7. Social Insurance Number

Let your new hires know that they need to get a social insurance number (SIN) before they can start working at your organization. It is free to obtain one.


  • Send them the Government of Canada’s SIN website and let them know they can choose to apply for a SIN online, via mail, or in person from the nearest Service Canada.

8. Tax

Your new hires may be unaware of the tax forms and the rules & regulations associated with it. Taxes vary from province to province and can get confusing for your new hires.


  • Schedule a meeting with your expat employees and a HR or legal representative at your company to guide your new hires on how to fill out tax forms.
  • Your HR or legal representative can also give an overview of the rules and regulations during this time.
  • Depending on your expats personal situation, consulting an international tax lawyer would be helpful.

9. Housing & Food

Finding accommodations is one of the most difficult aspects of moving to a new country. Your new hires may stay at an Airbnb while they house hunt, but you can make it easier for them with resources & local direction.

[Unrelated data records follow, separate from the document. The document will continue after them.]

Lemma ralpha_iter_odo n j a : ralpha n (iter j odo a) = (ralpha n a + j) %% 2 ^ n.
Proof.
elim: j => [|j IH] /=; first by rewrite addn0 modn_small // ralpha_lt.
by rewrite ralpha_odo IH addnS -addn1 modnDml addn1.
Qed.

Definition bits_of (D : nat -> nat) : nat -> bool := fun k => 2 ^ k <= D k.+1.

Lemma ralpha_bits_of (D : nat -> nat) :
  (forall n, D n < 2 ^ n) -> (forall n, D n = D n.+1 %% 2 ^ n) ->
  forall n, ralpha n (bits_of D) = D n.
Proof.
move=> Dlt Dmod; elim=> [|n IH]; first by have := Dlt 0; rewrite ralpha0 expn0; lia.
rewrite ralphaS IH Dmod /bits_of.
have := Dlt n.+1; rewrite expnS; set x := D n.+1 => xlt.
have [le|lt] := leqP (2 ^ n) x; last by rewrite modn_small // muln0 addn0.
rewrite -{1}(subnK le) modnDr modn_small; lia.
Qed.

Lemma modn_addr_eq r j P : r < P -> j < P -> ((r + j) %% P == j) = (r == 0).
Proof.
move=> rP jP; have [lt|le] := ltnP (r + j) P.
  by rewrite modn_small // -{2}(add0n j) eqn_add2r.
by rewrite -(subnK le) modnDr modn_small; lia.
Qed.

Lemma modn_addBn_eq0 t r P : t < P -> r < P -> ((t + (P - r)) %% P == 0) = (t == r).
Proof.
move=> tP rP; have [rt|tr] := leqP r t.
  have -> : t + (P - r) = (t - r) + P by lia.
  by rewrite modnDr modn_small; lia.
by rewrite modn_small; lia.
Qed.

End BinaryDigits.

(* Only this cast exposes the field (and eqType) structure of [complex.complex R]
   for an abstract [R : realType]. *)
Definition complexR (R : realType) : fieldType := complex.complex R.

Section RootsOfUnity.
Variable R : realType.
Local Notation C := (complexR R).

Lemma rho0 : rho 0 = 1 :> C.
Proof. by rewrite /rho expr0 divr1 mulr_natl cos2pi sin2pi. Qed.

Lemma rho1 : rho 1 = -1 :> C.
Proof.
rewrite /rho (_ : 2 * pi / 2 ^+ 1 = pi :> R); last by rewrite expr1; field.
rewrite cospi sinpi (_ : -1 = complex.Complex (-1) (- 0) :> C) //.
by rewrite oppr0.
Qed.

Lemma rhoS_sqr n : rho n.+1 ^+ 2 = rho n :> C.
Proof.
rewrite /rho expr2 /=; set x := 2 * pi / 2 ^+ n.+1.
have -> : 2 * pi / 2 ^+ n = x + x by rewrite /x exprS; field; rewrite expf_neq0 // pnatr_eq0.
by rewrite cosD sinD (addrC (sin x * cos x)).
Qed.

Lemma rho_expn n : rho n ^+ (2 ^ n) = 1 :> C.
Proof.
elim: n => [|n IH]; first by rewrite rho0 expr1n.
by rewrite expnS exprM rhoS_sqr.
Qed.

Lemma rhoS_expn n : rho n.+1 ^+ (2 ^ n) = -1 :> C.
Proof.
elim: n => [|n IH]; first by rewrite expn0 expr1 rho1.
by rewrite expnS exprM rhoS_sqr.
Qed.

Lemma rho_prim n : (2 ^ n).-primitive_root (rho n : C).
Proof.
have [m prim_m /(@dvdn_pfactor 2 _ _ isT)[k le_kn def_m]] :=
  prim_order_exists (expn_gt0 2 n) (rho_expn n).
rewrite def_m in prim_m; have [lt_kn|le_nk] := ltnP k n; last first.
  suff e : k = n by move: prim_m; rewrite e.
  by apply/eqP; rewrite eqn_leq le_kn le_nk.
case: n prim_m lt_kn {le_kn def_m} => // n prim_m le_kn.
have : rho n.+1 ^+ (2 ^ n) = 1 :> C.
  rewrite (_ : 2 ^ n = 2 ^ k * 2 ^ (n - k))%N ?exprM ?(prim_expr_order prim_m) ?expr1n //.
  by rewrite -expnD subnKC.
by rewrite rhoS_expn => /(congr1 (@complex.Re R)) /=; lra.
Qed.

Lemma rho_neq0 n : rho n != 0 :> C.
Proof. by rewrite (prim_root_eq0 (rho_prim n)) expn_eq0. Qed.

Lemma rho_expr_eq n i j : (rho n ^+ i == rho n ^+ j :> C) = (i == j %[mod 2 ^ n]).
Proof. by rewrite (eq_prim_root_expr (rho_prim n)). Qed.

Lemma rho_expr_mod n i : rho n ^+ (i %% 2 ^ n) = rho n ^+ i :> C.
Proof. by rewrite (prim_expr_mod (rho_prim n)). Qed.

Definition rho_log n (z : C) : nat :=
  xget 0%N [set i | (i < 2 ^ n)%N /\ z = rho n ^+ i].

Lemma rho_logP n (z : C) : z ^+ (2 ^ n) = 1 ->
  (rho_log n z < 2 ^ n)%N /\ z = rho n ^+ rho_log n z.
Proof.
move=> z1; have [i zi] := prim_rootP (rho_prim n) z1.
by have /(xgetPex 0%N) : exists i, (i < 2 ^ n)%N /\ z = rho n ^+ i by exists i.
Qed.

Lemma rho_log_eq n (z : C) j : z ^+ (2 ^ n) = 1 -> (j < 2 ^ n)%N ->
  rho_log n z = j <-> z = rho n ^+ j.
Proof.
move=> /rho_logP[lt ez] ltj; split=> [<- //|e].
by move: e; rewrite {1}ez => /eqP; rewrite rho_expr_eq !modn_small // => /eqP.
Qed.

Definition sqrt_chain (g : nat -> C) := g 0 = 1 /\ forall n, g n = g n.+1 ^+ 2.

Lemma sqrt_chain_unity g : sqrt_chain g -> forall n, g n ^+ (2 ^ n) = 1.
Proof.
move=> [g0 gS]; elim=> [|n IH]; first by rewrite expn0 expr1.
by rewrite expnS exprM -gS.
Qed.

Lemma sqrt_chain_ralpha (a : nat -> bool) : sqrt_chain (fun n => rho n ^+ ralpha n a).
Proof.
split=> [|n]; first by rewrite ralpha0 expr0.
by rewrite -exprM mulnC exprM rhoS_sqr (ralpha_mod n a) rho_expr_mod.
Qed.

(* A square root chain is a 2-adic integer: the first [n] digits of
   [root_digits g] encode the exponent of [g n] as a power of [rho n]. *)
Definition root_digits (g : nat -> C) : nat -> bool :=
  bits_of (fun n => rho_log n (g n)).

Lemma root_digitsP g : sqrt_chain g ->
  forall n, g n = rho n ^+ ralpha n (root_digits g).
Proof.
move=> gc; have gu := sqrt_chain_unity gc.
have logP n := rho_logP (gu n).
have log_mod n : rho_log n (g n) = (rho_log n.+1 (g n.+1) %% 2 ^ n)%N.
  rewrite -(modn_small (logP n).1); apply/eqP; rewrite -rho_expr_eq -(logP n).2.
  by rewrite gc.2 {1}(logP n.+1).2 -exprM mulnC exprM rhoS_sqr.
by move=> n; rewrite ralpha_bits_of //; [exact: (logP n).2|move=> k; exact: (logP k).1].
Qed.

Lemma root_digitsE (a : nat -> bool) : root_digits (fun n => rho n ^+ ralpha n a) = a.
Proof.
apply: ralpha_inj => n; apply/eqP.
move: (root_digitsP (sqrt_chain_ralpha a) n) => /eqP.
by rewrite eq_sym rho_expr_eq !modn_small ?ralpha_lt.
Qed.

End RootsOfUnity.

Section MeasurableHelpers.
Context d (T : measurableType d).

Lemma measurable_preimage d' (U : measurableType d') (h : T -> U) (A : set U) :
  measurable_fun setT h -> measurable A -> measurable (h @^-1` A).
Proof. by move=> mh mA; rewrite -[_ @^-1` _]setTI; exact: mh. Qed.

Lemma measurable_fun_of_nat d' (U : measurableType d') (g : nat -> U) :
  measurable_fun setT g.
Proof. by []. Qed.
Definition commuting_derivations (K : fieldType) (k : nat) (d : 'I_k -> K -> K) :=
  [/\ forall i x y, d i (x + y) = d i x + d i y,
      forall i x y, d i (x * y) = d i x * y + x * d i y
    & forall i j x, d i (d j x) = d j (d i x)].

(* A differential polynomial sum_alpha a_alpha d^alpha is encoded by the *)
(* K-polynomial with coefficients a_alpha ; dpol_eval gives its value in *)
(* D (coefficients written on the left).                               *)

Definition dpol_eval (K : fieldType) (D : unitRingType) (k : nat)
  (iota : K -> D) (dd : 'I_k -> D) (p : {mpoly K[k]}) : D :=
  \sum_(m <- msupp p) iota (p@_m) * \prod_(i < k) dd i ^+ m i.

(* D, together with iota : K -> D and dd_1..dd_k, is (a copy of) the left
   division ring of fractions K(d_1,...,d_k) of K[d_1,...,d_k]:
   - D is a division ring, iota a ring morphism;
   - the dd_i commute and dd_i * a = a * dd_i + (d/dx_i)(a);
   - the monomials dd^alpha are left K-linearly independent (so the subring
     { dpol_eval p } is the ring K[d_1..d_k] of differential polynomials);
   - every element of D is a left fraction q^-1 * p of differential polynomials
     (classical left ring of quotients). *)
Definition left_Ore_diff_fractions (K : fieldType) (k : nat) (d : 'I_k -> K -> K)
  (D : unitRingType) (iota : {rmorphism K -> D}) (dd : 'I_k -> D) :=
  [/\ forall x : D, x != 0 -> x \is a GRing.unit,
      forall i j, dd i * dd j = dd j * dd i,
      forall i a, dd i * iota a = iota a * dd i + iota (d i a),
      forall p : {mpoly K[k]}, dpol_eval iota dd p = 0 -> p = 0
    & forall z : D, exists p q : {mpoly K[k]},
        q != 0 /\ z = (dpol_eval iota dd q)^-1 * dpol_eval iota dd p].

Inductive term (k : nat) : Type :=
| TVar of nat
| TZero
| TOne
| TCst of 'I_k
| TAdd of term k & term k
| TMul of term k & term k.

Section TermCount.
Variable k : nat.
(* Consider the asynchronous network Newton method described in the context with stepsize $\varepsilon>0$, and let $t\ge2$. Then for every realization and every $y\in\mathbb{R}^n$, $$\big\|D(t-1)^{1/2}y\big\|\le\Big(1+C_1\|g(t-2)\|^{1/2}\Big)\big\|D(t-2)^{1/2}y\big\|,\qquad C_1=\left(\frac{\varepsilon\alpha L\Lambda}{2(1-\Delta)+\alpha m}\right)^{1/2}.$$
   Context: Setup. Let $n\ge 1$ be the number of agents and $\alpha>0$ a scalar. $W\in\mathbb{R}^{n\times n}$ is a symmetric nonnegative matrix with $W\mathbb{1}=\mathbb{1}$ (where $\mathbb{1}$ is the all-ones vector), $\mathrm{null}(I-W)=\mathrm{span}\{\mathbb{1}\}$, $0\le W_{ij}<1$ for all $i,j$, and $\delta\le W_{ii}\le\Delta$ for all $i$, for constants $0<\delta\le\Delta<1$. Each $f_i:\mathbb{R}\to\mathbb{R}$ is twice continuously differentiable with $0<m\le f_i''(s)\le M<\infty$ for all $s$ and $|f_i''(a)-f_i''(b)|\le L|a-b|$ for all $a,b$. Define $F(x)=\frac12 x^T(I-W)x+\alpha\sum_{i=1}^n f_i(x_i)$ for $x\in\mathbb{R}^n$, with minimum value $F^*$ and minimizer $x^*$. Let $g(x)=\nabla F(x)$, $G(x)=\mathrm{diag}(f_1''(x_1),\dots,f_n''(x_n))$, $H(x)=\nabla^2F(x)=I-W+\alpha G(x)$. Let $W_d$ be the diagonal matrix with $[W_d]_{ii}=W_{ii}$, and set $D(x)=\alpha G(x)+2(I-W_d)$ (diagonal, positive definite) and $B=I-2W_d+W$, so $H(x)=D(x)-B$. Define the approximate Hessian inverse $\hat H(x)^{-1}=D(x)^{-1/2}\big(I+D(x)^{-1/2}BD(x)^{-1/2}\big)D(x)^{-1/2}$. Constants: $\rho=\frac{2(1-\delta)}{2(1-\delta)+\alpha m}$, $\Lambda=\frac{1+\rho}{2(1-\Delta)+\alpha m}$, $\lambda=\frac{1}{2(1-\delta)+\alpha M}$. Algorithm (asynchronous network Newton). Given $x(0)\in\mathbb{R}^n$ and stepsize $\varepsilon>0$, let $\Phi(1),\Phi(2),\dots$ be i.i.d. random diagonal $n\times n$ matrices, each equal to $e_ie_i^T$ (the matrix with a single $1$ in position $(i,i)$ and zeros elsewhere) with probability $1/n$ for each $i=1,\dots,n$ (i.e., one uniformly random agent is active per iteration). The iterates are $x(t)=x(t-1)-\varepsilon\,\Phi(t)\hat H(x(t-1))^{-1}g(x(t-1))$, $t\ge1$. Write $g(t)=g(x(t))$, $D(t)=D(x(t))$, $H(t)=H(x(t))$, $\hat H(t)^{-1}=\hat H(x(t))^{-1}$. $\mathcal{F}_t$ denotes the $\sigma$-field generated by $\Phi(1),\dots,\Phi(t)$ (so $x(t)$ is $\mathcal{F}_t$-measurable). *)

From Stdlib Require Import Reals Lra Lia.
Open Scope R_scope.

(* Vectors in R^n are functions nat -> R (only indices < n matter);
   n x n matrices are functions nat -> nat -> R. *)

Fixpoint rsum (n : nat) (f : nat -> R) : R :=
  match n with
  | O => 0
  | S k => rsum k f + f k
  end.

Definition kron (i j : nat) : R := if Nat.eqb i j then 1 else 0.

Definition vnorm (n : nat) (v : nat -> R) : R := sqrt (rsum n (fun i => v i ^ 2)).

Definition gradF (n : nat) (W : nat -> nat -> R) (alpha : R) (f1 : nat -> R -> R)
  (x : nat -> R) : nat -> R :=
  fun i => rsum n (fun j => (kron i j - W i j) * x j) + alpha * f1 i (x i).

The same goes for getting food from grocery chains.


  • Send them a list of reliable websites for finding more permanent accommodations such as Kijji, Rentals.ca, Craigslist, or even Facebook Marketplace!
  • Do give them a disclaimer because there are a LOT of scammers out there.
  • Send them a list of websites where they can order groceries from such as Walmart, Cornershop by Uber, etc.

10. Tipping Culture

The tipping culture in Canada may come as a shock to expats, especially the ones from Europe. You may want to let your new hires know that it’s customary to tip for any services in Canada.


  • Let your new hires know that they tip 15% to 30% on top of the final bill depending on the location, service, and overall enjoyment of the experience.

It doesn't end there

While these 10 factors can definitely make things easier for your expat hires, it’s really just scratching the surface.

You may want to host a pre-arrival webinar or a meeting with your new hire(s) to go over cultural practices and day-to-day habits in Canada. This webinar can cover topics such as transportation, driver’s license, differences between GST/HST, the difference on the final bill from price tags, gestures of politeness, and so on.